Economic Growth

How ambient intelligence will change our lives

Roxanne Bauer

New developments and curiosities from a changing global media landscape: People, Spaces, Deliberation brings trends and events to your attention that illustrate that tomorrow’s media environment will look very different from today’s, and will have little resemblance to yesterday’s.

Tech gurus have been discussing the growing presence of the Internet of Things, the wiring together of all our devices, as well as predicting how it might create “ambient intelligence”.  Ambient intelligence refers to electronic environments that are sensitive and responsive to the presence of people.  Within these environments, systems could sense what the human inhabitant needs and deliver it without being requested to do.  Ambient intelligence is the amalgamation of neural networks, big data, IoT, wearables, and device user interfaces into services that can automate processes and make recommendations to improve the users’ quality of life.

A house could adjust its temperature based on behavioral and physiological data that the owner’s car collected during the commute home. A smartwatch may be a key to an office door, automatically unlocking the room as the wearer approaches. An at-home security system might learn what constitutes ‘normal’ activity and then send an alert to the owner when their dog needs to be let outside. At a grander scaled, sensors can now closely monitor the environmental impact of our cities, collecting details about sewers, air quality, and trash.

Smart World Infographic

 

The applications for poverty reduction and the improvement of living standards are also numerous. In some developing countries, the poorest neighborhoods or towns pay much more for their utilities than middle or upper income areas.  Water, gas, and electricity costs can vary due to the higher cost of delivering utility services to poorer areas as a result of infrastructure inefficiencies, problems such as leaks, and theft.  In developing countries, about 45 million cubic meters of water are lost daily through leakage in the distribution networks—enough to serve nearly 200 million people.  Sensors and connected systems, will provide authorities with more information to identify and fix these problems, allowing utilities to operate more profitably and to communicate with consumers about infrastructure needs. More efficiency will also allow for lower prices, which, in turn, will encourage those taking services for free to become paying customers.
Similarly, the population of some countries is aging. Approximately 2 billion people will be aged 60 and older by 2050, according to the World Health Organization. The quality of life for the elderly could be significantly improved if they were to wear a small, wearable device that detects their vital signs and sends an alert to the healthcare system when a certain threshold is reached or sense when a person has fallen down and can’t get up.

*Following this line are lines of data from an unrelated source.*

Lemma segment_meet_obtainable k1 k2 z :
  ob_segment k1 z -> ob_segment k2 z -> meet_finite k1 k2 -> ob_pt z.
Proof.
  intros [a [v [t [d [Ha [Hv [Hvv [Hz [Hd Hk1]]]]]]]]]
         [b [w [s [d' [Hb [Hw [Hww [Hz' [Hd' Hk2]]]]]]]]] Hfin.
  destruct (Req_dec (cross v w) 0) as [Hpar | Hvw].
  - exfalso; set (mu := dot v w / dot w w).
    assert (Hvmu : v = pscale mu w) by (apply parallel_scale; assumption).
    assert (Hmu : 0 < Rabs mu).
    { apply Rabs_pos_lt; intro H0; apply Hvv; rewrite Hvmu, H0; destruct w; unfold_pt; ring. }
    revert Hfin;
    apply (not_meet_finite k1 k2 (fun e => padd z (pscale e v)) (Rmin d (d' / Rabs mu)));
      [apply Rmin_glb_lt; [| apply Rdiv_lt_0_compat]; assumption
      | intros e e' _ _; apply translate_inj; exact Hvv |].
    intros e [He0 He]; pose proof (Rmin_l d (d' / Rabs mu)); pose proof (Rmin_r d (d' / Rabs mu)).
    split; [apply Hk1; rewrite Rabs_right; lra|].
    replace (padd z (pscale e v)) with (padd z (pscale (e * mu) w))
      by (rewrite Hvmu; destruct z, w; unfold_pt; f_equal; ring).
    apply Hk2; rewrite Rabs_mult, (Rabs_right e) by lra.
    apply Rmult_le_reg_r with (/ Rabs mu); [apply Rinv_0_lt_compat; exact Hmu|].
    field_simplify; lra.
  - rewrite Hz; apply ob_pt_padd; [exact Ha | apply ob_pt_pscale; [|exact Hv]].
    apply (ob_line_line_param a v b w t s); try assumption; congruence.
Qed.

Lemma segment_circle_obtainable k z c p :
  ob_segment k z -> ob_pt c -> ob_pt p -> on_curve (Circle c p) z -> ob_pt z.
Proof.
  intros [a [v [t [d [Ha [Hv [Hvv [-> _]]]]]]]] Hc Hp Hz; apply on_circle_sqdist in Hz.
  apply ob_pt_padd; [exact Ha | apply ob_pt_pscale; [|exact Hv]].
  apply (ob_line_circle_param a v c (sqdist c p)); auto using ob_sqdist.
Qed.

Lemma circle_circle_obtainable c p c' p' z : ob_pt c -> ob_pt p -> ob_pt c' -> ob_pt p' ->
  on_curve (Circle c p) z -> on_curve (Circle c' p') z -> meet_finite (Circle c p) (Circle c' p') ->
  ob_pt z.
Proof.
  intros Hc Hp Hc' Hp' Hz Hz' Hfin; rewrite on_circle_sqdist in Hz, Hz'.
  destruct (point_eq_dec c c') as [<- | Hcc'].
  - set (R0 := sqdist c z) in *.
    destruct (Req_dec R0 0) as [HR | HR].
    { apply sqdist_eq0 in HR; rewrite HR; exact Hc. }
    exfalso; assert (HR0 : 0 < R0) by (pose proof (sqdist_ge0 c z) as Hge; fold R0 in Hge; lra).
    revert Hfin; apply (not_meet_finite _ _ (fun e => padd c (e, sqrt (R0 - e * e))) (sqrt R0));
      [apply sqrt_lt_R0; exact HR0 | intros e e' _ _ E; destruct c; unfold_pt; injection E; lra |].
    intros e [He0 He]; rewrite !on_circle_sqdist, <- Hz, <- Hz'.
    assert (Hee : e * e <= R0).
    { rewrite <- (sqrt_sqrt R0) by lra; apply Rmult_le_compat; lra. }
    assert (Hs : sqrt (R0 - e * e) * sqrt (R0 - e * e) = R0 - e * e) by (apply sqrt_sqrt; lra).
    assert (Hg : sqdist c (padd c (e, sqrt (R0 - e * e))) = R0).
    { transitivity (e * e + sqrt (R0 - e * e) * sqrt (R0 - e * e)); [|lra].
      destruct c; unfold_pt; ring. }
    split; exact Hg.
  - destruct (radical_axis c c' _ _ z Hcc' Hz Hz') as [t ->].
    apply ob_pt_padd; [apply ob_pt_radical_base; auto using ob_sqdist|].
    apply ob_pt_pscale; [|apply ob_pt_perp, ob_pt_psub; assumption].
    apply (ob_line_circle_param (radical_base c c' (sqdist c p) (sqdist c' p'))
             (perp (psub c' c)) c (sqdist c p)); auto using ob_sqdist.
    + apply ob_pt_radical_base; auto using ob_sqdist.
    + apply ob_pt_perp, ob_pt_psub; assumption.
    + pose proof (sqdist_neq0 _ _ Hcc'); destruct c, c'; unfold_pt; lra.
Qed.

Lemma meet_obtainable k1 k2 z : ob_curve k1 -> ob_curve k2 ->
  on_curve k1 z -> on_curve k2 z -> meet_finite k1 k2 -> ob_pt z.
Proof.
  intros Hk1 Hk2 Hz1 Hz2 Hfin.
  destruct (ob_curve_point_cases _ _ Hk1 Hz1) as [Hob | [Hs1 | [c [p [-> [Hc Hp]]]]]];
    [exact Hob | |];
  (destruct (ob_curve_point_cases _ _ Hk2 Hz2) as [Hob | [Hs2 | [c' [p' [-> [Hc' Hp']]]]]];
    [exact Hob | |]).
  - exact (segment_meet_obtainable _ _ _ Hs1 Hs2 Hfin).
  - exact (segment_circle_obtainable _ _ _ _ Hs1 Hc' Hp' Hz2).
  - exact (segment_circle_obtainable _ _ _ _ Hs2 Hc Hp Hz1).
  - exact (circle_circle_obtainable _ _ _ _ _ Hc Hp Hc' Hp' Hz1 Hz2 Hfin).
Qed.

Lemma ob_curve_RA_ray o p q P Q :
  (forall y, Ob y -> Ob (sin (PI * y))) ->
  ob_pt o -> ob_pt p -> ob_pt q -> p <> o -> q <> o -> Ob P -> Ob Q -> Q <> 0 ->
  ob_curve (RA_ray o p q P Q).
Proof.
  intros Hsin Ho Hp Hq Hpo Hqo HP HQ HQ0; split; [exact Ho|].
  assert (Hx : Ob (P / Q / 2)) by (apply ob_div; [apply ob_div | apply ob_two | lra]; assumption).
  apply ob_pt_padd; apply ob_pt_pscale; auto using ob_pt_unit_dir.
  - rewrite cos_sin; replace (PI / 2 + P / Q * (PI / 2)) with (PI * (P / Q / 2 + / 2))
      by (field; exact HQ0).
    apply Hsin, ob_add; [exact Hx | apply ob_inv; [apply ob_two | lra]].
  - replace (P / Q * (PI / 2)) with (PI * (P / Q / 2)) by (field; exact HQ0).
    apply Hsin; exact Hx.
Qed.

Lemma ob_pt_RRA_point o p q x a b :
  (forall y, Ob y -> Rabs y <= 1 -> Ob (asin y / PI)) ->
  ob_pt o -> ob_pt p -> ob_pt q -> ob_pt x -> ob_pt a -> ob_pt b -> p <> o -> q <> o ->
  inside_right_angle o p q x -> ob_pt (RRA_point (angle_in_right_angle o p q x) a b).
Proof.
  intros Hasin Ho Hp Hq Hx Ha Hb Hpo Hqo [HX _].
  apply ob_pt_padd; [exact Ha | apply ob_pt_pscale; [|apply ob_pt_psub; assumption]].
  unfold angle_in_right_angle; rewrite atan_asin.
  set (u := dot (psub x o) (unit_dir o q) / dot (psub x o) (unit_dir o p)).
  assert (Hu : Ob u).
  { apply ob_div; [| | lra]; apply ob_dot; auto using ob_pt_psub, ob_pt_unit_dir. }
  replace (2 * asin (u / sqrt (1 + u²)) / PI) with (2 * (asin (u / sqrt (1 + u²)) / PI))
    by (unfold Rdiv; ring).
  apply ob_mul; [apply ob_two | apply Hasin].
  - apply ob_div; [exact Hu | apply ob_sqrt_any, ob_add; [apply ob_one | apply ob_mul; exact Hu] |].
    apply Rgt_not_eq, sqrt_lt_R0; pose proof (Rle_0_sqr u); lra.
  - rewrite <- sin_atan; apply Rabs_le, SIN_bound.
Qed.

End Obtainable.

Definition tool_fun (m : tool) : R -> R :=
  match m with RA => fun x => sin (PI * x) | RRA => fun x => asin x / PI end.
Definition tool_dom (m : tool) : R -> Prop :=
  match m with RA => fun _ => True | RRA => fun x => Rabs x <= 1 end.

Scheme cpt_mut := Induction for cpt Sort Prop
  with ccurve_mut := Induction for ccurve Sort Prop.
Combined Scheme cpt_ccurve_mut from cpt_mut, ccurve_mut.

Lemma cpt_obtainable m :
  (forall z, cpt m z -> ob_pt (tool_fun m) (tool_dom m) z) /\
  (forall k, ccurve m k -> ob_curve (tool_fun m) (tool_dom m) k).
Proof.
  apply cpt_ccurve_mut.
  - split; apply ob_zero.
  - split; [apply ob_one | apply ob_zero].
  - intros k1 k2 z _ Hk1 _ Hk2 Hz1 Hz2 Hfin; exact (meet_obtainable _ _ _ _ _ Hk1 Hk2 Hz1 Hz2 Hfin).
  - intros o p q x a b -> _ Ho _ Hp _ Hq _ Hx _ Ha _ Hb [Hpo [Hqo _]] Hin.
    apply ob_pt_RRA_point; auto.
    intros y Hy Hy1; apply (ob_fun _ (tool_dom RRA) y Hy Hy1).
  - intros a b _ Ha _ Hb Hab; simpl; auto.
  - intros c p _ Hc _ Hp; simpl; auto.
  - intros o p q a b c d -> _ Ho _ Hp _ Hq _ Ha _ Hb _ Hc _ Hd [Hpo [Hqo _]] Hcd _.
    apply ob_curve_RA_ray; auto using ob_dist; [|lra].
    intros y Hy; apply (ob_fun _ (tool_dom RA) y Hy I).
Qed.

Lemma meet_finite_circle_param k c p a v : dot v v <> 0 ->
  (forall w, on_curve k w -> on_curve (Circle c p) w -> exists t, w = padd a (pscale t v)) ->
  meet_finite k (Circle c p).
Proof.
  intros Hv Hk.
  set (B := 2 * dot (psub a c) v).
  set (D := B * B - 4 * dot v v * (sqdist c a - sqdist c p)).
  exists (padd a (pscale ((sqrt D - B) / (2 * dot v v)) v)
          :: padd a (pscale ((- sqrt D - B) / (2 * dot v v)) v) :: nil).
  intros w Hw Hwc; destruct (Hk w Hw Hwc) as [t ->]; apply on_circle_sqdist in Hwc.
  destruct (param_circle_roots _ _ _ _ _ Hv Hwc) as [-> | ->]; simpl; auto.
Qed.

Ltac pt_neq := let H := fresh in intro H; injection H; intros; lra.
Ltac on_circle := apply on_circle_sqdist; unfold_pt.
Ltac on_line t := exists t; unfold_pt; f_equal.

Lemma sqrt3_sq : sqrt 3 * sqrt 3 = 3.
Proof. apply sqrt_sqrt; lra. Qed.

Section Constructions.
Variable m : tool.
Notation C := (cpt m).

Definition cnum (x : R) : Prop := C (x, 0).

Lemma cpt_line_line a b c d z : C a -> C b -> C c -> C d -> a <> b -> c <> d ->
  cross (psub b a) (psub d c) <> 0 ->
  on_curve (Line a b) z -> on_curve (Line c d) z -> C z.
Proof.
  intros Ha Hb Hc Hd Hab Hcd Hx Hz1 Hz2.
  apply (cpt_inter m (Line a b) (Line c d) z); try (apply cc_line; assumption); try assumption.
  exists (z :: nil); intros w [t ->] [s Hs]; left.
  destruct Hz1 as [t' ->], Hz2 as [s' Hs'].
  rewrite (line_meet_param _ _ _ _ _ _ Hs Hx), (line_meet_param _ _ _ _ _ _ Hs' Hx).
  reflexivity.
Qed.

Lemma cpt_curve_circle k c p z a v : ccurve m k -> C c -> C p -> dot v v <> 0 ->
  (forall w, on_curve k w -> exists t, w = padd a (pscale t v)) ->
  on_curve k z -> on_curve (Circle c p) z -> C z.
Proof.
  intros Hk Hc Hp Hv Hpar Hz1 Hz2.
  apply (cpt_inter m k (Circle c p) z); auto using cc_circle.
  apply meet_finite_circle_param with a v; auto.
Qed.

Illegal logging and deforestation could benefit from sensors within forests.  Invisible Tracck is a small device covertly placed in trees in protected forest areas of Brazil to help prevent illegal logging. The devices, which are smaller than a deck of cards, alert authorities when illegally harvested trees pass within range of a mobile network. Law enforcement officials at Instituto Brasileiro do Meio Ambiente can then locate the production sites and stop illegal activity. Between 2000 and 2005, the Amazonian forests in Brazil lost an average of 3.46 million hectares of primary forest each year, and illegal deforestation has gone undetected because satellite range and radio frequencies are often weak in remote areas.

Infrastructure can also be monitored for safety risks. Wireless bridge sensors can monitor all aspects of a bridge’s health, such as vibration, pressure, humidity, and temperature. Jindo Bridge in South Korea was one of the world’s first fully-automated smart bridges with over 600 wireless sensors continuously monitoring the bridge’s structural health. Likewise, accelerometers and real-time data analysis can monitor the structural health of buildings in earthquake prone regions. Sensors detect the degree of the building’s movement, the speed that seismic waves travel through the building, and how the frame of the building changes. Software then analyzes the data to determine the building’s structural health immediately.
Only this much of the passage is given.